“What the Butler Saw” (1950)
God bless English servitude, for without domestic help, with whom would the eccentrics of the privileged ranks commiserate? “What the Butler Saw”- not to be confused with the Joe Orton play of the same name -is a comedy which derives its humor equally from both the standard formulas of cross cultural clashes and the introduction of disorder into the life of a figure whose role in life is defined by the observance of orderly propriety, in other words, an example of the long standing British tradition of simultaneously exalting and kicking the ankles of their titled classes.

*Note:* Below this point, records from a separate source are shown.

Lemma sum_norm_impulse_le (s : seq int) : uniq s -> \sum_(k <- s) `|impulse k| <= C.
Proof.
move=> us; set s' := [seq - k | k <- s].
have us' : uniq s' by rewrite map_inj_uniq //; exact: oppr_inj.
pose v n : R := if n \in s' then Num.sg (impulse (- n)) else 0.
have v1 n : `|v n| <= 1.
  by rewrite /v; case: ifP => _; rewrite ?normr0 // normr_sg; case: (_ != 0).
have := Phi_bounded v1 0; rewrite mulr1 (Phi_finite_support us'); last first.
  by move=> n /negbTE; rewrite /v => ->.
rewrite big_map (eq_big_seq (fun k => `|impulse k|)); last first.
  by move=> k ks; rewrite Phi_dirac /v map_f // opprK add0r -normrEsg.
by apply: le_trans; exact: ler_norm.
Qed.

Definition impulse_tail_le (N : nat) (e : R) := forall s : seq int, uniq s ->
  (forall k, k \in s -> (N < `|k|)%N) -> \sum_(k <- s) `|impulse k| <= e.

Lemma impulse_tail_small e : 0 < e -> exists N, impulse_tail_le N e.
Proof.
pose sums := [set x : R | exists2 s : seq int,
                 uniq s & x = \sum_(k <- s) `|impulse k|]%classic.
have sums_sup : has_sup sums.
  split; first by exists 0; exists [::]; rewrite ?big_nil.
  by exists C => x [s us ->]; exact: sum_norm_impulse_le.
move=> e0; have [_ [s0 us0 ->] near_sup] := sup_adherent e0 sums_sup.
exists (\max_(k <- s0) `|k|%N) => s us s_big.
have us_s0 : uniq (s ++ s0).
  rewrite cat_uniq us us0 andbT; apply/hasPn => k ks0; apply/negP => ks.
  move: (s_big k ks); rewrite ltnNge => /negP; apply.
  exact: (@leq_bigmax_seq _ _ xpredT (fun k : int => `|k|%N)).
have : \sum_(k <- s ++ s0) `|impulse k| <= sup sums.
  by apply: sup_upper_bound => //; exists (s ++ s0).
by rewrite big_cat /=; move: near_sup; lra.
Qed.

Lemma Phi_near_convolution N e L v : impulse_tail_le N e ->
  (forall m, m \notin window L -> v m = 0) -> (forall m, `|v m| <= 1) ->
  forall n, `|Phi v n - \sum_(k <- window N) impulse k * v (n - k)| <= e.
Proof.
move=> tail v_supp v1 n.
pose F k := impulse k * v (n - k).
pose S := [seq n - j | j <- window L]; pose T := [seq k <- S | (N < `|k|)%N].
have uS : uniq S by rewrite map_inj_uniq ?window_uniq // => x y /addrI /oppr_inj.
have PhiS : Phi v n = \sum_(k <- S) F k.
  rewrite (Phi_finite_support (window_uniq L) v_supp) /S [RHS]big_map.
  by apply: eq_bigr => j _; rewrite Phi_dirac /F mulrC (_ : n - (n - j) = j) //; ring.
have splitS : \sum_(k <- S) F k = \sum_(k <- window N ++ T) F k.
  apply: big_uniq_eq_supp => //.
    rewrite cat_uniq window_uniq filter_uniq // andbT /=; apply/hasPn => k.
    by rewrite mem_filter mem_window -ltnNge => /andP[].
  move=> k; rewrite /F mulf_eq0 negb_or => /andP[_ vk].
  have kS : k \in S.
    apply/mapP; exists (n - k); last by ring.
    by apply: contraR vk => /v_supp ->; rewrite eqxx.
  by rewrite mem_cat mem_filter kS andbT mem_window leqNgt orNb.
rewrite PhiS splitS big_cat /= addrAC subrr add0r.
apply: le_trans (ler_norm_sum _ _ _) (le_trans _ (tail T (filter_uniq _ uS) _)).
  by apply: ler_sum => k _; rewrite /F normrM -[X in _ <= X]mulr1 ler_wpM2l.
by move=> k; rewrite mem_filter => /andP[].
Qed.
(* Let $G$ be a red-blue colouring of $K_n$, let $u \in V(G)$, and let $A_1, \ldots, A_5$ be pairwise disjoint non-empty subsets of $V(G) \setminus \{u\}$ such that $(A_1, \ldots, A_5)$ is a pentagon blow-up in $G$. Suppose that there are $t$ pairwise disjoint bad configurations in $(A_1,\dots,A_5)$ with respect to $u$, but no $t+1$ pairwise disjoint such bad configurations, where $t < \min_{i \in [5]} |A_i|$. Then there exists $i \in [5]$ such that $(A_i \cup \{u\}, A_{i+1}, \ldots, A_{i+4})$ is exactly $t$ edge-flips away from a pentagon blow-up.
   Context: A red-blue colouring of $K_n$ assigns red or blue to each edge of the complete graph on the $n$-vertex set $V(G)$. For pairwise disjoint non-empty sets $B_1,\dots,B_5 \subseteq V(G)$, $(B_1,\dots,B_5)$ is a pentagon blow-up if for every $i \in [5]$ all edges between $B_i$ and $B_{i+1}$ are red and all edges between $B_i$ and $B_{i+2}$ are blue (indices modulo 5); it is exactly $t$ edge-flips away from a pentagon blow-up if exactly $t$ of the edges between distinct sets $B_i, B_j$ have a colour different from the one required by this condition (so changing the colours of these $t$ edges makes it a pentagon blow-up). For $u \notin A_1\cup\dots\cup A_5$, a bad configuration in $(A_1,\dots,A_5)$ with respect to $u$ is either a set of three red neighbours of $u$, one from each of $A_i, A_{i+2}, A_{i+3}$ for some $i \in [5]$, or a set of three blue neighbours of $u$, one from each of $A_i, A_{i+1}, A_{i+2}$ for some $i \in [5]$. *)

From mathcomp Require Import all_boot.
Set Implicit Arguments. Unset Strict Implicit. Unset Printing Implicit Defensive.

Definition ish (i : 'I_5) (k : nat) : 'I_5 :=
  Ordinal (ltn_pmod (i + k) (isT : 0 < 5)).

Section Pentagon.
Variable T : finType.
(* A red-blue colouring of the complete graph on T: [red x y] = true means
   the edge xy (x <> y) is red, false means blue.  Symmetry is assumed
   separately in the theorem. *)
Variable red : T -> T -> bool.

Definition disjoint_nonempty (B : 'I_5 -> {set T}) : Prop :=
  (forall i, B i != set0) /\
  (forall i j, i != j -> [disjoint B i & B j]).

Definition pentagon_blowup (B : 'I_5 -> {set T}) : Prop :=
  disjoint_nonempty B /\
  forall i : 'I_5,
    (forall x y, x \in B i -> y \in B (ish i 1) -> red x y) /\
    (forall x y, x \in B i -> y \in B (ish i 2) -> ~~ red x y).

(* Every
   unordered pair of distinct parts {B_i, B_j} is of the form {B_i, B_(i+1)}
   or {B_i, B_(i+2)} for exactly one ordered choice, so each edge is counted
   exactly once. *)
Definition nb_wrong (B : 'I_5 -> {set T}) : nat :=
  \sum_(i < 5)
    (#|[set p in setX (B i) (B (ish i 1)) | ~~ red p.1 p.2]|
     + #|[set p in setX (B i) (B (ish i 2)) | red p.1 p.2]|).

Definition exactly_flips_away (B : 'I_5 -> {set T}) (t : nat) : Prop :=
  disjoint_nonempty B /\ nb_wrong B = t.

Definition bad_config (A : 'I_5 -> {set T}) (u : T) (S : {set T}) : Prop :=
  exists (i : 'I_5) (a b c : T), S = [set a; b; c] /\
   ((a \in A i /\ b \in A (ish i 2) /\ c \in A (ish i 3) /\
     red u a /\ red u b /\ red u c)
 \/ (a \in A i /\ b \in A (ish i 1) /\ c \in A (ish i 2) /\
     ~~ red u a /\ ~~ red u b /\ ~~ red u c)).

Definition has_disjoint_bad (A : 'I_5 -> {set T}) (u : T) (k : nat) : Prop :=
  exists P : {set {set T}},
    #|P| = k /\ trivIset P /\ (forall S, S \in P -> bad_config A u S).
Theorem lemma4 (R : realType) (C : countType) (p : C -> R)
  (hp : forall a, 0 < p a < 1)
  (hsum : (\esum_(a in [set: C]) (p a)%:E)%E = 1%E)
  (n : nat) (hn : (2 <= n)%N) :
  Prob p n (\bigcup_(j in [set j : nat | (1 <= j <= uphalf n)%N]) Bset n j)
    = Prob p n (\bigcup_(j in [set j : nat | (n./2 <= j <= n.-1)%N]) Rset n j)
  /\ (Prob p n (\bigcup_(j in [set j : nat | (n./2 <= j <= n.-1)%N]) Rset n j)
       <= ((n%:R / 2) * m2 p ^+ n./2)%:E)%E.
Proof.
have p_ge0 a : 0 <= p a by case/andP: (hp a) => /ltW.
rewrite -bigcup_Bset_Rset; last exact: leq_trans hn.
split=> //; apply: le_trans (Prob_bigcup_Bset_le p_ge0 hsum n hn) _.
rewrite lee_fin ler_wpM2r ?exprn_ge0 ?m2_ge0 // ler_pdivlMr // -natrM ler_nat.
by rewrite -[X in (_ <= X)%N](odd_double_half n) -muln2 leq_addl.
Qed.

Returning to his estate after an absence of ten years as the Governor of the Coconut Islands, a dotty Earl (Edward Rigby), accompanied by his stalwart butler Bembridge (Henry Mollison), begins to unload crates filled with hunting trophies (these Pacific islands somehow fully stocked with alligators, crocodiles and leopards and …is that a rhino?) when Bembridge discovers a stowaway: native Princess Lapis (Mercy Haystead), Hiding within one of the shipped boxes, the young royal is eager to continue what has obviously been a heavily romantic relationship with the not-quite-unflappable servant. Her presence creates a greater strain between the snooty class disdain of the Earl’s daughter, Lady Marly (Eleanor Hallam) and grandson Gerald (Michael Ward), who is prone to expressing exasperation over what both the Earl’s behavior and Lapis’ surprise appearance will have on his position at the Foreign Office. Attempting to contain a possible scandal becomes secondary when Lapis’ father, a King on one of the Islands, asserts declarations of a possible war sparked over his mistaken belief that his daughter has been abducted.